The government is undertaking initiatives to mitigate these shortcomings, notably by creating an absolute poverty benefit based on objective and transparent targeting criteria, which could replace Social Aid and similar programs. It has introduced the Social Registry of Mauritius (MRS) and is exploring other options to help improve the targeting of Social Aid. The use of conditional cash transfers could also improve targeting and promote human capital development. But policy makers are also generally concerned about the political economy consequences of altering social protection systems that are deeply ingrained into the social fabric of the country. Furthermore, some policy makers point to potentially high administrative costs associated with targeting and to the fact that universal systems might be less prone to corruption and fraud.7 It is also likely that universal systems are more politically palatable if tax-payers believe that they will benefit from the system into which they are paying. Nevertheless, it seems likely that better targeting would allow social objectives to be achieved while shifting resources to higher priority spending areas over time.

Public Expenditures on Education

Public expenditure on human capital accumulation can also be a factor ensuring that the benefits of growth are widely shared across society. The HBS survey does not include direct information on how households benefit from public expenditure in education, but Statistics Mauritius has undertaken an incidence analysis based on enrollment data from education statistics and data on recurrent government expenditure in primary and secondary education (CSO 2009). The analysis assumes that the distribution of students attending primary and secondary school by decile group of household income is identical to the one reported in the HBS, which seems a reasonable assumption.

In this context, the incidence of public expenditures on education in Mauritius seems to be mildly progressive in absolute terms, i.e. considering the share of total spending that each group receives. Statistics Mauritius estimates that around 25 percent of recurrent public expenditures on primary and secondary education went to the two poorest deciles of the population, whereas 15 percent of expenditures went to the two richest deciles. Not surprisingly expenditure on primary education is estimated to be more progressive than expenditure on secondary education, as 30 percent of primary education expenditure goes to the poorest two deciles compared to 23 percent for secondary education.

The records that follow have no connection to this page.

Lemma component_eq B x y : x \in B -> y \in B ->
  (component B x == component B y) = conn B x y.
Proof.
move=> Bx By; apply/eqP/idP => [comp_xy|conn_xy].
  have : y \in component B y by rewrite inE By connect0.
  by rewrite -comp_xy inE => /andP[].
apply/setP=> z; rewrite !inE; case: (z \in B) => //=.
by apply/idP/idP; apply: connect_trans; rewrite // conn_sym.
Qed.

Lemma CC0 : CC e set0 = 0.
Proof. by rewrite /CC imset0 cards0. Qed.

Lemma CC_component B : CC e B = #|component B @: B|.
Proof. by []. Qed.

Lemma component_setD1 A v x : ~~ conn A x v -> component A x = component (A :\ v) x.
Proof.
move=> nxv; apply/setP=> z; rewrite !inE.
apply/andP/andP => [[Az /connectP[p rp zE]]|[/andP[_ Az] conn_xz]]; last first.
  by split; last exact: conn_sub (subsetDl _ _) conn_xz.
have avoid_v : all (predC1 v) (x :: p).
  apply/allP => w /(path_connect rp) conn_xw /=.
  by apply: contraNneq nxv => wv; rewrite -wv.
split; first by rewrite Az andbT zE; apply: (allP avoid_v); apply: mem_last.
apply/connectP; exists p => //; apply: sub_in_path avoid_v rp.
by move=> a b; rewrite !inE => av bv /and3P[Aa Ab ab]; apply/and3P; rewrite !inE av bv.
Qed.

Lemma conn_center_nbhd A v x : v \in A -> x \in A :\ v ->
  conn A x v = (component (A :\ v) x :&: nbhd A v != set0).
Proof.
move=> Av A'x; apply/idP/set0Pn => [/connectP[p rp vE]|[y]]; last first.
  rewrite !inE => /andP[/andP[A'y conn_xy] /andP[Ay vy]].
  apply: connect_trans (conn_sub (subsetDl A [set v]) conn_xy) _.
  by rewrite conn_sym conn1.
elim: p x A'x rp vE => [|z p IH] x A'x /=.
  by move=> _ vx; move: A'x; rewrite -vx !inE eqxx.
case/andP=> /and3P[Ax Az xz] rp vE.
have [zv|nzv] := eqVneq z v.
  exists x; rewrite /component /nbhd !inE -zv uadj_sym xz Ax connect0 !andbT.
  by move: A'x; rewrite zv !inE => /andP[].
have A'z : z \in A :\ v by rewrite !inE nzv.
have [y] := IH z A'z rp vE; rewrite !inE => /andP[/andP[A'y conn_zy] Ny].
exists y; rewrite !inE A'y Ny andbT.
by apply: connect_trans conn_zy; apply: conn1.
Qed.

Lemma CC_setD1 A v : v \in A ->
  {in nbhd A v &, forall x y, conn (A :\ v) x y -> conn (nbhd A v) x y} ->
  CC e (A :\ v) + 1 = CC e (nbhd A v) + CC e A.
Proof.
set A' := A :\ v; set N := nbhd A v => Av nbhd_conn.
have sNA' : N \subset A' := nbhd_subD1 A v.
(* The components of A' meeting N are those of N, the others are those of A
   except the one of v. *)
set Q := [set C : {set T} | C :&: N != set0].
have meet_N : component A' @: A' :&: Q = component A' @: N.
  apply/setP=> C; rewrite !inE; apply/andP/imsetP => [[/imsetP[x A'x ->]]|[y Ny ->]].
    case/set0Pn=> y /setIP[/setIdP[A'y conn_xy] Ny].
    by exists y => //; apply/eqP; rewrite component_eq.
  split; first by rewrite imset_f ?(subsetP sNA').
  by apply/set0Pn; exists y; rewrite in_setI Ny andbT inE (subsetP sNA') ?connect0.
have avoid_N : component A' @: A' :\: Q = component A @: A :\ component A v.
  apply/setP=> C; rewrite !inE.
  apply/andP/andP => [[nmeet /imsetP[x A'x CE]]|[ncomp /imsetP[x Ax CE]]]; subst C.
    have Ax : x \in A by move: A'x; rewrite inE => /andP[].
    have nxv : ~~ conn A x v by rewrite (conn_center_nbhd Av A'x).
    by rewrite -(component_setD1 nxv) component_eq // nxv imset_f.
  have nxv : ~~ conn A x v by rewrite -component_eq.
  have A'x : x \in A'.
    by rewrite /A' !inE Ax andbT; apply: contraNneq nxv => ->; apply: connect0.
  by rewrite (component_setD1 nxv) -(conn_center_nbhd Av A'x) nxv imset_f.
rewrite !CC_component -(cardsID Q) meet_N avoid_N.
rewrite (cardsD1 (component A v) (component A @: A)) imset_f //.
rewrite (@card_imset_eq_kernel _ _ _ N _ (component N)); first by rewrite -addnA addn1.
move=> x y Nx Ny; rewrite !component_eq ?(subsetP sNA') //.
by apply/idP/idP; [apply: nbhd_conn | apply: conn_sub].
Qed.

End Graph.

Local Open Scope ring_scope.

Section SignSums.
Variables (R : nzRingType) (U : finType).
Implicit Types (X Y : {set U}).

Lemma sum_setU1 (V : nmodType) (u : U) (P : pred {set U}) (F : {set U} -> V) :
  \sum_(C : {set U} | P C && (u \in C)) F C
  = \sum_(C : {set U} | P (u |: C) && (u \notin C)) F (u |: C).
Proof.
rewrite (reindex_onto (fun C => u |: C) (fun C => C :\ u)) /=; last first.
  by move=> C /andP[_ uC]; rewrite setD1K.
apply: eq_bigl => C; rewrite setU11 andbT; congr (_ && _).
apply/eqP/idP => [<-|uC]; [by rewrite !inE eqxx | exact: setU1K].
Qed.

Lemma sum_sign_subsets Y :
  \sum_(C : {set U} | C \subset Y) (-1) ^+ #|C| = (Y == set0)%:R :> R.
Proof.
case: (set_0Vmem Y) => [->|[u Yu]].
  rewrite (bigD1 set0) ?sub0set //= big_pred0 ?cards0 ?addr0 ?eqxx // => C.
  by rewrite subset0 andbN.
rewrite (bigID (fun C : {set U} => u \in C)) /= sum_setU1.
have -> : (Y == set0) = false by apply/negbTE/set0Pn; exists u.
apply/eqP; rewrite addr_eq0 -sumrN; apply/eqP/eq_big => C.
  by rewrite subUset sub1set Yu.
by move=> /andP[_ uC]; rewrite cardsU1 uC exprS mulN1r.
Qed.

Lemma nonempty_sign_sum Y :
  (Y != set0)%:R = \sum_(Q : {set U} | (Q \subset Y) && (Q != set0)) - (-1) ^+ #|Q| :> R.
Proof.
have := sum_sign_subsets Y; rewrite (bigD1 set0) ?sub0set //= cards0 expr0 sumrN.
move=> /(canRL (addKr 1)) ->.
by case: (Y == set0); rewrite /= ?addNr ?oppr0 ?addr0 ?opprK.
Qed.

End SignSums.

Section Transform.
Variables (R : nzRingType) (T : finType).
Implicit Types (A B X Y : {set T}) (g : {set T} -> R).

Lemma setU_eqT A B : (A :|: B == setT) = (~: B \subset A).
Proof.
apply/eqP/subsetP => [ABT x|sBA].
  by rewrite inE => /negbTE Bx; move/setP/(_ x): ABT; rewrite !inE Bx orbF.
apply/setP => x; rewrite !inE; case: (boolP (x \in B)) => [|Bx]; rewrite ?orbT //.
by rewrite orbF sBA ?inE.
Qed.

Lemma sum_sign_cover B Y :
  \sum_(A : {set T} | (A \subset Y) && (A :|: B == setT)) - (-1) ^+ #|A :&: B|
  = - (B == ~: Y)%:R :> R.
Proof.
have [sBY|nsBY] := boolP (~: B \subset Y); last first.
  rewrite big_pred0 => [|A]; last first.
    by rewrite setU_eqT; apply: contraNF nsBY => /andP[sAY /subset_trans]; apply.
  suff -> : (B == ~: Y) = false by rewrite oppr0.
  by apply: contraNF nsBY => /eqP ->; rewrite setCK.
rewrite (reindex_onto (fun C => ~: B :|: C) (fun A => A :&: B)) /=; last first.
  move=> A /andP[_]; rewrite setU_eqT => sBA.
  by rewrite setUIr [~: B :|: B]setUC setUCr setIT; apply/setUidPr.
have capB C : (~: B :|: C) :&: B = C :&: B by rewrite setIUl [~: B :&: B]setIC setICr set0U.
transitivity (\sum_(C : {set T} | C \subset B :&: Y) - (-1) ^+ #|C| : R).
  apply: eq_big => C; last by case/andP=> _ /eqP ->.
  rewrite subUset sBY setU_eqT subsetUl capB subsetI andbT andbC.
  by congr andb; apply: (sameP eqP setIidPl).
rewrite sumrN sum_sign_subsets setI_eq0 disjoints_subset eqEsubset.
by rewrite -[~: Y \subset B]setCS setCK sBY andbT.
Qed.

Lemma sum_LV_subset g Y : \sum_(A : {set T} | A \subset Y) LV g A = - g (~: Y).
Proof.
rewrite /LV (exchange_big_dep xpredT) //=.
under eq_bigr => B _ do rewrite -mulr_suml sum_sign_cover mulNr.
rewrite sumrN (bigD1 (~: Y)) //= eqxx mul1r big1 ?addr0 // => B nBY.
by rewrite (negbTE nBY) mul0r.
Qed.

Lemma sum_LV_meet g X :
  \sum_(A : {set T}) LV g A * (X :&: A != set0)%:R = g X - g set0.
Proof.
have meetE A : (X :&: A != set0)%:R = 1 - (A \subset ~: X)%:R :> R.
  by rewrite setI_eq0 disjoint_sym disjoints_subset; case: (_ \subset _); rewrite ?subrr ?subr0.
under eq_bigr => A _ do rewrite meetE mulrBr mulr1.
rewrite sumrB [X in _ - X](eq_bigr (fun A => if A \subset ~: X then LV g A else 0)); last first.
  by move=> A _; case: (_ \subset _); rewrite ?mulr1 ?mulr0.
have sum_LV : \sum_(A : {set T}) LV g A = - g set0.
  by rewrite -setCT -sum_LV_subset; apply: eq_bigl => A; rewrite subsetT.
by rewrite -big_mkcond sum_LV sum_LV_subset setCK opprK addrC.
Qed.

End Transform.

Lemma sub_bigcapS (U : finType) (Q : {set U}) (S : {set {set U}}) : Q != set0 ->
  (Q \subset bigcapS S) = (S != set0) && (S \subset [set X : {set U} | Q \subset X]).
Proof.
rewrite /bigcapS => Q0; case: eqP => [_|_] /=; first by rewrite subset0 (negbTE Q0).
apply/bigcapsP/subsetP => [sQ X SX|sS X SX]; first by rewrite inE sQ.
by have := sS X SX; rewrite inE.
Qed.

Section Cliques.
Variables (R : nzRingType) (T : finType) (e : rel T).
Implicit Types (A Q : {set T}) (v w x y : T).

Lemma cliqueP Q : reflect {in Q &, forall x y, x != y -> uadj e x y} (is_clique e Q).
Proof.
apply: (iffP forallP) => [cl x y Qx Qy | cl x].
  by move/implyP: (cl x) => /(_ Qx) /forallP /(_ y) /implyP /(_ Qy) /implyP.
by apply/implyP => Qx; apply/forallP => y; apply/implyP => Qy; apply/implyP; apply: cl.
Qed.

Lemma clique_setU1 v Q : v \notin Q ->
  is_clique e (v |: Q) = (Q \subset [set w | uadj e v w]) && is_clique e Q.
Proof.
move=> vNQ; apply/cliqueP/andP => [cl|[/subsetP sQ /cliqueP cl]].
  split; last by apply/cliqueP => x y Qx Qy; apply: cl; rewrite inE ?Qx ?Qy orbT.
  apply/subsetP => w Qw; rewrite inE cl ?setU11 ?setU1r //.
  by apply: contraNneq vNQ => ->.
move=> x y; rewrite !inE => /predU1P[->|Qx] /predU1P[->|Qy]; rewrite ?eqxx //.
- by move=> _; have := sQ y Qy; rewrite inE.
- by move=> _; have := sQ x Qx; rewrite inE uadj_sym.
- exact: cl.
Qed.

Definition clique_sum A : R :=
  \sum_(Q : {set T} | (Q \subset A) && is_clique e Q) (-1) ^+ #|Q|.

Lemma clique0 : is_clique e set0.
Proof. by apply/cliqueP => x y; rewrite inE. Qed.

Lemma clique_sum0 : clique_sum set0 = 1.
Proof.
rewrite /clique_sum (bigD1 set0) ?sub0set ?clique0 //= cards0 big_pred0 ?addr0 // => Q.
by rewrite subset0 andbC andbA andNb.
Qed.

Lemma clique_sum_setD1 A v : v \in A ->
  clique_sum A = clique_sum (A :\ v) - clique_sum (nbhd e A v).
Proof.
move=> Av; rewrite /clique_sum (bigID (fun Q : {set T} => v \in Q)) /= sum_setU1 addrC.
congr (_ + _); first by apply: eq_bigl => Q; rewrite subsetD1 andbAC.
rewrite -sumrN; apply: eq_big => [Q|Q /andP[_ vNQ]]; last first.
  by rewrite cardsU1 vNQ exprS mulN1r.
have [vQ|vNQ] := boolP (v \in Q).
  rewrite andbF; apply/esym/negbTE; apply: contraTN vQ => /andP[/subsetP sQ _].
  by apply/negP => /sQ; rewrite inE uadjxx andbF.
rewrite andbT subUset sub1set Av clique_setU1 // andbA /=; congr andb.
apply/andP/subsetP => [[/subsetP sA /subsetP sN] w Qw|sN].
  by have := sN w Qw; rewrite !inE sA.
by split; apply/subsetP => w /sN; rewrite !inE; case/andP.
Qed.

Lemma clique_sum_CC A : chordal e -> clique_sum A = 1 - (CC e A)%:R.
Proof.
move=> chordal_e; have [n] := ubnP #|A|; elim: n A => // n IH A ltAn.
case: (set_0Vmem A) => [->|[v Av]]; first by rewrite clique_sum0 CC0 subr0.
have ltA'n : (#|A :\ v| < n)%N by move: ltAn; rewrite (cardsD1 v A) Av.
rewrite (clique_sum_setD1 Av) !IH //.
  2: exact: leq_ltn_trans (subset_leq_card (nbhd_subD1 e A v)) ltA'n.
have := chordal_nbhd_connect chordal_e (negbT (setD11 v A)); rewrite nbhd_setD1.
move=> /(CC_setD1 Av) /(congr1 (fun k => k%:R : R)); rewrite !natrD => CC_A.
by apply: (addIr (CC e A)%:R); rewrite subrK [1 - _]addrC (addrKA 1) opprK -addrA -CC_A addKr.
Qed.

Lemma clique_MaxCliques Q :
  is_clique e Q = (MaxCliques e :&: [set K : {set T} | Q \subset K] != set0).
Proof.
apply/idP/set0Pn => [clQ|[K]].
  by have [K MK sQK] := maxset_exists clQ; exists K; rewrite !inE MK.
rewrite !inE => /andP[/maxsetp /cliqueP clK /subsetP sQK].
by apply/cliqueP => x y Qx Qy; apply: clK; apply: sQK.
Qed.

Lemma MaxCliques_neq0 : MaxCliques e != set0.
Proof.
by have [K MK _] := maxset_exists clique0; apply/set0Pn; exists K; rewrite inE.
Qed.

Lemma sum_MaxCliques_meet A :
  \sum_(S : {set {set T}} | S \subset MaxCliques e)
     - (-1) ^+ #|S| * (bigcapS S :&: A != set0)%:R = 1 - clique_sum A.
Proof.
under eq_bigr => S _ do rewrite nonempty_sign_sum mulr_sumr.
rewrite (exchange_big_dep (fun Q : {set T} => (Q \subset A) && (Q != set0))) /=; last first.
  by move=> S Q _ /andP[sQ ->]; rewrite (subset_trans sQ) ?subsetIr.
have cliqueE Q : (Q \subset A) && (Q != set0) ->
    \sum_(S : {set {set T}} |
             [&& S \subset MaxCliques e, Q \subset bigcapS S :&: A & Q != set0])
       - (-1) ^+ #|S| * - (-1) ^+ #|Q| = (is_clique e Q)%:R * - (-1) ^+ #|Q| :> R.
  case/andP=> sQA Q0; rewrite -mulr_suml clique_MaxCliques nonempty_sign_sum.
  congr (_ * _); apply: eq_bigl => S.
  by rewrite subsetI sQA andbT Q0 andbT sub_bigcapS // subsetI -andbA (andbC (S != set0)).
rewrite (eq_bigr _ cliqueE) /clique_sum [in RHS](bigD1 set0) ?sub0set ?clique0 //=.
rewrite cards0 expr0.
rewrite opprD addNKr -sumrN [RHS]big_mkcond [LHS]big_mkcond; apply: eq_bigr => Q _.
by case: (Q \subset A); case: (is_clique e Q); case: (Q != set0); rewrite /= ?mul1r ?mul0r.
Qed.

Lemma sum_MaxCliques_sign :
  \sum_(S : {set {set T}} | S \subset MaxCliques e) - (-1) ^+ #|S| = 0 :> R.
Proof. by rewrite sumrN sum_sign_subsets (negbTE MaxCliques_neq0) oppr0. Qed.

End Cliques.

Lemma meet_preimset (T T' : finType) (phi : T -> T') (X : {set T}) (A : {set T'}) :
  (X :&: phi @^-1: A != set0) = (phi @: X :&: A != set0).
Proof.
apply/set0Pn/set0Pn => [[x]|[y]]; rewrite !inE.
  by case/andP=> Xx Ax; exists (phi x); rewrite inE imset_f.
by case/andP=> /imsetP[x Xx ->] Ax; exists x; rewrite !inE Xx.
Qed.

Lemma sum_MaxCliques_LV (R : comNzRingType) (T T' : finType) (e : rel T) (phi : T -> T')
    (g : {set T'} -> R) : chordal e ->
  \sum_(S : {set {set T}} | S \subset MaxCliques e) - ((-1) ^+ #|S|) * g (phi @: bigcapS S)
  = \sum_(A : {set T'}) LV g A * (CC e (phi @^-1: A))%:R.
Proof.
move=> chordal_e.
transitivity (\sum_(S : {set {set T}} | S \subset MaxCliques e)
                 - (-1) ^+ #|S| * (g (phi @: bigcapS S) - g set0)).
  under [RHS]eq_bigr do rewrite mulrBr.
  by rewrite sumrB -mulr_suml sum_MaxCliques_sign mul0r subr0.
under [RHS]eq_bigr => A _ do
  rewrite -[(CC e _)%:R](subKr 1) -clique_sum_CC // -sum_MaxCliques_meet mulr_sumr.
rewrite exchange_big /=; apply: eq_bigr => S _.
rewrite -sum_LV_meet mulr_sumr; apply: eq_bigr => A _.
by rewrite mulrCA meet_preimset.
Qed.
(* Let $\delta_1,\delta_2>0$, $\delta=\delta_1+\delta_2$, and let $f\in\mathcal H$ admit a decomposition $f=\mathcal C+\mathcal T$ with $\|\Phi_1^*\mathcal C\|_1+\|\Phi_2^*\mathcal T\|_1<\infty$, where $\mathcal C$ is $\delta_1$-relatively sparse in $\Phi_1$ with respect to $\Lambda_1$ and $\mathcal T$ is $\delta_2$-relatively sparse in $\Phi_2$ with respect to $\Lambda_2$. Let $(\mathcal C^\star,\mathcal T^\star)$ solve (Inp-Sep) for the data $P_Kf$. Set $$\mu_c=\max\{\mu_c(\Lambda_1,P_M\Phi_1;\Phi_1)+\mu_c(\Lambda_2,P_M\Phi_2;\Phi_1),\ \mu_c(\Lambda_2,P_M\Phi_2;\Phi_2)+\mu_c(\Lambda_1,P_M\Phi_1;\Phi_2)\}+\max\{\mu_c(\Lambda_1,\Phi_1;\Phi_2),\ \mu_c(\Lambda_2,\Phi_2;\Phi_1)\}.$$ If $\mu_c<\tfrac12$, then $\|\mathcal C^\star-\mathcal C\|_2+\|\mathcal T^\star-\mathcal T\|_2\le\frac{2\delta}{1-2\mu_c}$.
   Context: Let $\mathcal H$ be a separable Hilbert space with an orthogonal decomposition $\mathcal H=\mathcal H_K\oplus\mathcal H_M$ (known and missing part), and let $P_K,P_M$ be the orthogonal projections onto $\mathcal H_K,\mathcal H_M$. Let $\Phi_1=(\phi_{1i})_{i\in I}$ and $\Phi_2=(\phi_{2j})_{j\in J}$ be Parseval frames for $\mathcal H$ with analysis operators $\Phi_1^*f=(\langle f,\phi_{1i}\rangle)_{i\in I}$, $\Phi_2^*f=(\langle f,\phi_{2j}\rangle)_{j\in J}$. $\mathbf 1_\Lambda$ restricts a coefficient sequence to $\Lambda$, $\Lambda^c$ is the complement, and $\|\cdot\|_1$ is the (possibly infinite) $\ell^1$ norm. Fix $\Lambda_1\subset I$, $\Lambda_2\subset J$. Relative sparsity: $g$ is $\delta$-relatively sparse in a Parseval frame $\Phi$ with respect to $\Lambda$ if $\|\mathbf 1_{\Lambda^c}\Phi^*g\|_1\le\delta$. (Inp-Sep): given $P_Kf$, $(\mathcal C^\star,\mathcal T^\star)$ is a minimizer of $\|\Phi_1^*x_1\|_1+\|\Phi_2^*x_2\|_1$ over $x_1,x_2\in\mathcal H$ subject to $P_K(x_1+x_2)=P_Kf$. Cluster coherence: for $a,b\in\{1,2\}$ with $I_1=I$, $I_2=J$ and $\Lambda\subset I_a$: $\mu_c(\Lambda,\Phi_a;\Phi_b)=\max_{j\in I_b}\sum_{i\in\Lambda}|\langle\phi_{ai},\phi_{bj}\rangle|$ and $\mu_c(\Lambda,P_M\Phi_a;\Phi_b)=\max_{j\in I_b}\sum_{i\in\Lambda}|\langle P_M\phi_{ai},\phi_{bj}\rangle|$ (suprema if not attained). *)

From mathcomp Require Import all_boot all_order all_algebra.
From mathcomp Require Import all_classical all_reals all_analysis.
From mathcomp Require Import complex.

Set Implicit Arguments.
Unset Strict Implicit.
Unset Printing Implicit Defensive.

Import Order.TTheory GRing.Theory Num.Theory.
Local Open Scope ring_scope.
Local Open Scope classical_set_scope.

Definition is_inner_product (R : realType) (V : lmodType R[i])
    (ip : V -> V -> R[i]) : Prop :=
  [/\ (forall (a : R[i]) (x y z : V), ip (a *: x + y) z = a * ip x z + ip y z),
      (forall x y : V, ip y x = conjc (ip x y)),
      (forall x : V, complex.Im (ip x x) = 0 /\ 0 <= complex.Re (ip x x)) &
      (forall x : V, ip x x = 0 -> x = 0)].

Definition hnorm (R : realType) (V : lmodType R[i]) (ip : V -> V -> R[i])
    (x : V) : R := Num.sqrt (complex.Re (ip x x)).

Definition is_sep_hilbert (R : realType) (V : lmodType R[i])
    (ip : V -> V -> R[i]) : Prop :=
  [/\ is_inner_product ip,
      (forall u : nat -> V,
        (forall e : R, 0 < e -> exists N : nat, forall m n : nat,
            (N <= m)%N -> (N <= n)%N -> hnorm ip (u m - u n) < e) ->
        exists l : V, forall e : R, 0 < e -> exists N : nat, forall n : nat,
            (N <= n)%N -> hnorm ip (u n - l) < e) &
      (exists d : nat -> V, forall (x : V) (e : R), 0 < e ->
          exists n : nat, hnorm ip (x - d n) < e)].

Definition is_orth_proj (R : realType) (V : lmodType R[i])
    (ip : V -> V -> R[i]) (P : V -> V) : Prop :=
  [/\ (forall (a : R[i]) (x y : V), P (a *: x + y) = a *: P x + P y),
      (forall x : V, P (P x) = P x) &
      (forall x y : V, ip (P x) y = ip x (P y))].

Definition analysis (R : realType) (V : lmodType R[i]) (ip : V -> V -> R[i])
    (I : Type) (phi : I -> V) (f : V) : I -> R[i] := fun i => ip f (phi i).

Definition l1_on (R : realType) (I : choiceType) (A : set I) (c : I -> R[i])
    : \bar R := (\esum_(i in A) ((Normc.normc (c i))%:E))%E.

Definition l1 (R : realType) (I : choiceType) (c : I -> R[i]) : \bar R :=
  l1_on setT c.

Definition parseval_frame (R : realType) (V : lmodType R[i])
    (ip : V -> V -> R[i]) (I : choiceType) (phi : I -> V) : Prop :=
  forall f : V,
    (\esum_(i in [set: I]) ((Normc.normc (ip f (phi i)) ^+ 2)%:E))%E
    = ((hnorm ip f) ^+ 2)%:E.

Definition rel_sparse (R : realType) (V : lmodType R[i])
    (ip : V -> V -> R[i]) (I : choiceType) (phi : I -> V)
    (Lambda : set I) (delta : R) (g : V) : Prop :=
  (l1_on (~` Lambda) (analysis ip phi g) <= delta%:E)%E.

Definition inp_sep_solution (R : realType) (V : lmodType R[i])
    (ip : V -> V -> R[i]) (I J : choiceType) (phi1 : I -> V) (phi2 : J -> V)
    (PK : V -> V) (f Cs Ts : V) : Prop :=
  PK (Cs + Ts) = PK f /\
  forall x1 x2 : V, PK (x1 + x2) = PK f ->
    (l1 (analysis ip phi1 Cs) + l1 (analysis ip phi2 Ts)
      <= l1 (analysis ip phi1 x1) + l1 (analysis ip phi2 x2))%E.

Definition cluster_coherence (R : realType) (V : lmodType R[i])
    (ip : V -> V -> R[i]) (I J : choiceType) (Lambda : set I)
    (psi : I -> V) (phi : J -> V) : \bar R :=
  ereal_sup (range (fun j : J =>
     (\esum_(i in Lambda) ((Normc.normc (ip (psi i) (phi j)))%:E))%E)).

From mathcomp Require Import all_boot all_order all_algebra.
From mathcomp Require Import all_classical all_reals all_analysis.
From mathcomp Require Import complex.
From mathcomp Require Import ring lra ssrAC.
Import Order.TTheory GRing.Theory Num.Theory.
Local Open Scope ring_scope.
Local Open Scope classical_set_scope.

(* Write z1 = Cs - C and z2 = Ts - T for the two reconstruction errors and
   S = |Phi1^* z1|_1 + |Phi2^* z2|_1 for their joint l^1 size.
   1. Cone condition.  Splitting every l^1 norm into its part on Lambda_k and
      on the complement, the optimality of (Cs, Ts) and the relative
      sparsity of (C, T) give  S <= 2 (X1 + X2) + 2 delta,  where
      Xk = |1_{Lambda_k} Phi_k^* z_k|_1  (lemmas [l1_diff_cone],
      [l1_pair_cone]); this part only uses the triangle inequality.
   2. Coherence bound.  As P_K (z1 + z2) = 0 and P_K + P_M = id, each
      coefficient <z1, phi1_i> is a combination of <z_k, P_M phi1_i> and
      <z2, phi1_i> ([missing_part_identity]).  In a Parseval frame
      |<x, g>| <= sum_j |<x, psi_j>| |<g, psi_j>| ([frame_ip_bound]), hence
      every sum over a cluster is controlled by an l^1 norm times a cluster
      coherence ([cluster_sum_le], [cluster_error_bound]); adding both gives
      X1 + X2 <= mu_c S ([coherence_mix]).
   3. From S <= 2 mu_c S + 2 delta and mu_c < 1/2 we get
      S <= 2 delta / (1 - 2 mu_c) ([error_ratio_bound]), and the Hilbert
      norms are dominated by the l^1 norms ([hnorm_le_l1]).
   A Parseval frame with empty index set forces the space to be trivial
   ([parseval_frame_empty]); otherwise all coherences are nonnegative. *)

Local Notation absc := (@Normc.normc _).

Section ExtendedSums.
Context {R : realType}.
Local Open Scope ereal_scope.

Lemma esum_mulr_le (T : choiceType) (A : set T) (u : T -> \bar R) (c : \bar R) :
  (forall i, 0 <= u i) -> 0 <= c ->
  \esum_(i in A) (u i * c) <= (\esum_(i in A) u i) * c.
Proof.
move=> u0 c0; apply: ge_ereal_sup => _ [X [finX XA] <-].
rewrite fsbig_finite// -ge0_sume_distrl; last by move=> i _; apply: u0.
apply: lee_wpmul2r => //; rewrite -fsbig_finite//.
by apply: ereal_sup_ubound; exists X.
Qed.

These results are somewhat in contrast with evidence for the rest of Africa. Sahn and Younger (2000) examine the incidence of health and education expenditures in eight African countries including South Africa and Madagascar and find that these expenditures do not have a substantial redistributive impact. In absolute terms, most of the expenditures on health and education in Africa are regressive. But in relative terms, considering the distribution of social spending relative to overall distribution of income in the economy, these expenditures are progressive.

The Mauritian experience indicates that there is significant scope for improved targeting of these expenditures in the countries considered. These authors also find that primary education expenditures are typically more progressive, whereas expenditures on tertiary education are less progressive and in some cases are even regressive in absolute terms, i.e. richer segments of the population benefit disproportionately from these expenditures.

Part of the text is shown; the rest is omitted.